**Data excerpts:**
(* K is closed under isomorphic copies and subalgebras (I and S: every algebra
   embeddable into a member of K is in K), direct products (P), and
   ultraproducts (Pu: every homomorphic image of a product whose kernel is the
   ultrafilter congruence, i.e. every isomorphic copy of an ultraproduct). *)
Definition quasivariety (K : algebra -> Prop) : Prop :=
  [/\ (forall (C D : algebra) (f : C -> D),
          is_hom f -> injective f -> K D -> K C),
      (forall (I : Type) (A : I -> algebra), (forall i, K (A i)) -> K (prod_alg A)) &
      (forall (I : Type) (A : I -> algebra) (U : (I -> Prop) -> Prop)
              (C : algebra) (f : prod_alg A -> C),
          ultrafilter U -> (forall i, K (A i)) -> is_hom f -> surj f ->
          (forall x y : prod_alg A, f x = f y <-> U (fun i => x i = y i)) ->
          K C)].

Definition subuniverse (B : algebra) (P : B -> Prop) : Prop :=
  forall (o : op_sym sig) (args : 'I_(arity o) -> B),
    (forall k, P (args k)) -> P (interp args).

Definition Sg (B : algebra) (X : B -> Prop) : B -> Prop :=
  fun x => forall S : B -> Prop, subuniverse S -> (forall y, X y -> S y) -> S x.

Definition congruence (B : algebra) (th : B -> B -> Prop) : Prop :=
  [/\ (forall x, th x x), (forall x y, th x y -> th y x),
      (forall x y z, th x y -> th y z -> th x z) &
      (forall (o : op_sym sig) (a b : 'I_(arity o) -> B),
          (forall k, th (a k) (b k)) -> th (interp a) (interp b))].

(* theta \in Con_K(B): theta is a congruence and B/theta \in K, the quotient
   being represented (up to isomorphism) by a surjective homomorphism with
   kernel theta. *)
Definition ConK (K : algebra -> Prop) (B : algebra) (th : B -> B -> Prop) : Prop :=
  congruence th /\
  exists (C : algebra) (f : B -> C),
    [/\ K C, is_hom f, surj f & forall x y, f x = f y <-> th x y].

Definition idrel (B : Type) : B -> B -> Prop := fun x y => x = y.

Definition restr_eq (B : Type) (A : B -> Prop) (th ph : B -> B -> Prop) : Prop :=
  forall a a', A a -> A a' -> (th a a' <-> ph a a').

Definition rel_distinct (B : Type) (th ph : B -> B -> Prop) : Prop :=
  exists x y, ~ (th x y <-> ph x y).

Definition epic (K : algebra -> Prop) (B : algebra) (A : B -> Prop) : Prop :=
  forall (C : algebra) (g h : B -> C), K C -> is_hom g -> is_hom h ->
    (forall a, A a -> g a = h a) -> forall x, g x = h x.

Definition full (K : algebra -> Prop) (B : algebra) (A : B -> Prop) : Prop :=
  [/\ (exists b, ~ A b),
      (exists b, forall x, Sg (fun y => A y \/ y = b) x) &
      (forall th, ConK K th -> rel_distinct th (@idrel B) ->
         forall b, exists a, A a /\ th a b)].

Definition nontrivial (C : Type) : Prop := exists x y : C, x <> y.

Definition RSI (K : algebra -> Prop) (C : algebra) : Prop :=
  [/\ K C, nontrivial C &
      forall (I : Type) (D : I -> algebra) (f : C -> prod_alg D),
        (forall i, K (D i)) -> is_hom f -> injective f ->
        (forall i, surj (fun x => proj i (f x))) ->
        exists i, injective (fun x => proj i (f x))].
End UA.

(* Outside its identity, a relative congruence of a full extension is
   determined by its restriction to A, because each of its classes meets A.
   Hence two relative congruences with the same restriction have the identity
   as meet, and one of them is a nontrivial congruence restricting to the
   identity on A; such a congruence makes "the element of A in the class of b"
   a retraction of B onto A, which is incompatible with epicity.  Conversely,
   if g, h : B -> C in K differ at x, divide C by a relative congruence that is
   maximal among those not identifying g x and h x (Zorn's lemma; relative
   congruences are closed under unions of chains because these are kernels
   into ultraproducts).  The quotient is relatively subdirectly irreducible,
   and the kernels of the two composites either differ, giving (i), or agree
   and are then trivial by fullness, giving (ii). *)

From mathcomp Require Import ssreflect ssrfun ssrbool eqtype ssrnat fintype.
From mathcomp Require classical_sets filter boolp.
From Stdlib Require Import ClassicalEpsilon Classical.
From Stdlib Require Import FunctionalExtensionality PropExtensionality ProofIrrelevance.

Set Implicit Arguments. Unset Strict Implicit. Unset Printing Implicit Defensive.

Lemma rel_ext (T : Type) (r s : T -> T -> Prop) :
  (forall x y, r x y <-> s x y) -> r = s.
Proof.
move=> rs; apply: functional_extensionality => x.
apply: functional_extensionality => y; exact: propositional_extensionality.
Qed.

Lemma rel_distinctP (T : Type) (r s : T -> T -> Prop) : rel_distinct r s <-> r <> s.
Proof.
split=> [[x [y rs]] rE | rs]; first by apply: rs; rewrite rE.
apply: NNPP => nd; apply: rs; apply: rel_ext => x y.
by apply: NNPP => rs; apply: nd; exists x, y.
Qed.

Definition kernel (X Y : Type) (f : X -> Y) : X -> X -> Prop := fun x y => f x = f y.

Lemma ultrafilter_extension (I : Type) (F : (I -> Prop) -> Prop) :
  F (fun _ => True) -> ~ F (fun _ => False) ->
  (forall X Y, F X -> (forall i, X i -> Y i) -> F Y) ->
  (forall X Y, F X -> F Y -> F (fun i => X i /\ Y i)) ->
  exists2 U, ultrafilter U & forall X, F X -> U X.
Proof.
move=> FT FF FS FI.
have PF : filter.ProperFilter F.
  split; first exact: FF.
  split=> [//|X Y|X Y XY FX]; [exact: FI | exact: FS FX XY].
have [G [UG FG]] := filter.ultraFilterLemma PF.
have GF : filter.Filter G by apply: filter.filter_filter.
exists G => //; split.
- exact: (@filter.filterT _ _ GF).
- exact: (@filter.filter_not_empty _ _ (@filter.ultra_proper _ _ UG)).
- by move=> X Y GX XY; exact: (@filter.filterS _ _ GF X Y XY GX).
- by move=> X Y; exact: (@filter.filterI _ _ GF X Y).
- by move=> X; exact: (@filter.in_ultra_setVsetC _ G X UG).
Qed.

---

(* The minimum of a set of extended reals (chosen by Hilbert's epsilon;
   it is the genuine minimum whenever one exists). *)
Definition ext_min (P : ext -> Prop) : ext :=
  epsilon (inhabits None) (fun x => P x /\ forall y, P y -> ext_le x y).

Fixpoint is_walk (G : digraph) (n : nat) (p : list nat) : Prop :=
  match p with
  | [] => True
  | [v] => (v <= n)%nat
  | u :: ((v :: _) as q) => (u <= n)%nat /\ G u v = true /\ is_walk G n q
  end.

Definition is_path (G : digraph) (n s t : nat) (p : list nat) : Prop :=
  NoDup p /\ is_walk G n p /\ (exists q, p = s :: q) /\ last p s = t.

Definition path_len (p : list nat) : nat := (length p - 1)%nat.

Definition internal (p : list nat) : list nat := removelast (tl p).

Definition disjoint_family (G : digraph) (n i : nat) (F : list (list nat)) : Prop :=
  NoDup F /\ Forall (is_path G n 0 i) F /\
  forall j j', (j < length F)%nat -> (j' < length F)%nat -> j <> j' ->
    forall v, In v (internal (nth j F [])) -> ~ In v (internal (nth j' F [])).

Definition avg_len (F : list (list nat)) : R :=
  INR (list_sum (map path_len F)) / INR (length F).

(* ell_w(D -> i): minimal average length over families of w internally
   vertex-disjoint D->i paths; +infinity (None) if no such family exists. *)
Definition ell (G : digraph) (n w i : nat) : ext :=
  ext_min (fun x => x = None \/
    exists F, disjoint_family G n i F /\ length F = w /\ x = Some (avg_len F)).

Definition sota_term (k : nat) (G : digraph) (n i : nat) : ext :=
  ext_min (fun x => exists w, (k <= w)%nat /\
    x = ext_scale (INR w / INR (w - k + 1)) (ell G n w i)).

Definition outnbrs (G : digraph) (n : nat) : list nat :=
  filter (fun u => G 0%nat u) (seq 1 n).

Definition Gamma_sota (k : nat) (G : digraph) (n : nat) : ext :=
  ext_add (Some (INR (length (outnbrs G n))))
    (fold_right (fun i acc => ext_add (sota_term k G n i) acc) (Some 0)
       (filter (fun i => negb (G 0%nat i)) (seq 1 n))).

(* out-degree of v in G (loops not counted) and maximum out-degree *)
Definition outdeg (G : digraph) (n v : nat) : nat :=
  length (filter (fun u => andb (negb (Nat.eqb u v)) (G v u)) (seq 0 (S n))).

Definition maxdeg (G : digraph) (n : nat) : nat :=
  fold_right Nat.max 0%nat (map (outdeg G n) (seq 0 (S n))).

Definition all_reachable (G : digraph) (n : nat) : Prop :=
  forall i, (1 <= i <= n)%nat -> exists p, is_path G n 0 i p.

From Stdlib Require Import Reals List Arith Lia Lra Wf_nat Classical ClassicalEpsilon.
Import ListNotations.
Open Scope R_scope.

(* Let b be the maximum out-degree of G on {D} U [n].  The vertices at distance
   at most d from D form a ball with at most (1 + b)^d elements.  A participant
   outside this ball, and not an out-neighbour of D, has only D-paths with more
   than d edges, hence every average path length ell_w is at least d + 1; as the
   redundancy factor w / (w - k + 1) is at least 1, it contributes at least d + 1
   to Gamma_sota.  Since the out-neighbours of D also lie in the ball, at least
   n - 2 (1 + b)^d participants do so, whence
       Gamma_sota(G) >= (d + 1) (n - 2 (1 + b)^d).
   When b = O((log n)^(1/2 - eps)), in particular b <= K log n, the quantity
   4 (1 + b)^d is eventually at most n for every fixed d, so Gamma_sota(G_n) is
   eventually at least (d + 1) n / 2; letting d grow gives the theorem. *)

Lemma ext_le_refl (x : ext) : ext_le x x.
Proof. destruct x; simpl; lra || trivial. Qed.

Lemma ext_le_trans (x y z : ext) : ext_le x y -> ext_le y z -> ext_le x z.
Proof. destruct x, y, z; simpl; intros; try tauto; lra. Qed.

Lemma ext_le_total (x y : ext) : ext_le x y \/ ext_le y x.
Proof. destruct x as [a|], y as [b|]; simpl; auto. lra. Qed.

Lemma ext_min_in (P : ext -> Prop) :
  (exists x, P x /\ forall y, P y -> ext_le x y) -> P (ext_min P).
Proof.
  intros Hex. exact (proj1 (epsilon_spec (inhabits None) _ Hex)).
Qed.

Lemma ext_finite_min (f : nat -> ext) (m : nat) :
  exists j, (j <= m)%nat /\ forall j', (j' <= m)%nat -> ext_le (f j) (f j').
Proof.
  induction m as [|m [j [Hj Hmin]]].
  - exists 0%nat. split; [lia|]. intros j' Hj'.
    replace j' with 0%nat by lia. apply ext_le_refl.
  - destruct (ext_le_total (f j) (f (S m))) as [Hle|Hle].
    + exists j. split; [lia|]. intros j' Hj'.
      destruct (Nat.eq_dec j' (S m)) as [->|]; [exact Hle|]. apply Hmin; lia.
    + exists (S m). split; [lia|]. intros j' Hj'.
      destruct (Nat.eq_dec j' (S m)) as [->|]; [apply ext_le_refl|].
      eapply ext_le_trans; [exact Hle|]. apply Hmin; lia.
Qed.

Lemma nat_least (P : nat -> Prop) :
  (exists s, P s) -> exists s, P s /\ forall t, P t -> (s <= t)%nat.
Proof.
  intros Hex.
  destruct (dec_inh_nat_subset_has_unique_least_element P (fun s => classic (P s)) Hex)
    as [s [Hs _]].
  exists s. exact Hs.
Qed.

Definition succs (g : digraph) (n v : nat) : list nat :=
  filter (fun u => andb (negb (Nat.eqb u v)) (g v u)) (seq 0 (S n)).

**Task description:** What you give back should be exactly the lines of the data above from the line with "(* K is closed" through the line with "exists (C : algebra)", both of those included, and nothing more.

**Task response:**
(* K is closed under isomorphic copies and subalgebras (I and S: every algebra
   embeddable into a member of K is in K), direct products (P), and
   ultraproducts (Pu: every homomorphic image of a product whose kernel is the
   ultrafilter congruence, i.e. every isomorphic copy of an ultraproduct). *)
Definition quasivariety (K : algebra -> Prop) : Prop :=
  [/\ (forall (C D : algebra) (f : C -> D),
          is_hom f -> injective f -> K D -> K C),
      (forall (I : Type) (A : I -> algebra), (forall i, K (A i)) -> K (prod_alg A)) &
      (forall (I : Type) (A : I -> algebra) (U : (I -> Prop) -> Prop)
              (C : algebra) (f : prod_alg A -> C),
          ultrafilter U -> (forall i, K (A i)) -> is_hom f -> surj f ->
          (forall x y : prod_alg A, f x = f y <-> U (fun i => x i = y i)) ->
          K C)].

Definition subuniverse (B : algebra) (P : B -> Prop) : Prop :=
  forall (o : op_sym sig) (args : 'I_(arity o) -> B),
    (forall k, P (args k)) -> P (interp args).

Definition Sg (B : algebra) (X : B -> Prop) : B -> Prop :=
  fun x => forall S : B -> Prop, subuniverse S -> (forall y, X y -> S y) -> S x.

Definition congruence (B : algebra) (th : B -> B -> Prop) : Prop :=
  [/\ (forall x, th x x), (forall x y, th x y -> th y x),
      (forall x y z, th x y -> th y z -> th x z) &
      (forall (o : op_sym sig) (a b : 'I_(arity o) -> B),
          (forall k, th (a k) (b k)) -> th (interp a) (interp b))].

(* theta \in Con_K(B): theta is a congruence and B/theta \in K, the quotient
   being represented (up to isomorphism) by a surjective homomorphism with
   kernel theta. *)
Definition ConK (K : algebra -> Prop) (B : algebra) (th : B -> B -> Prop) : Prop :=
  congruence th /\
  exists (C : algebra) (f : B -> C),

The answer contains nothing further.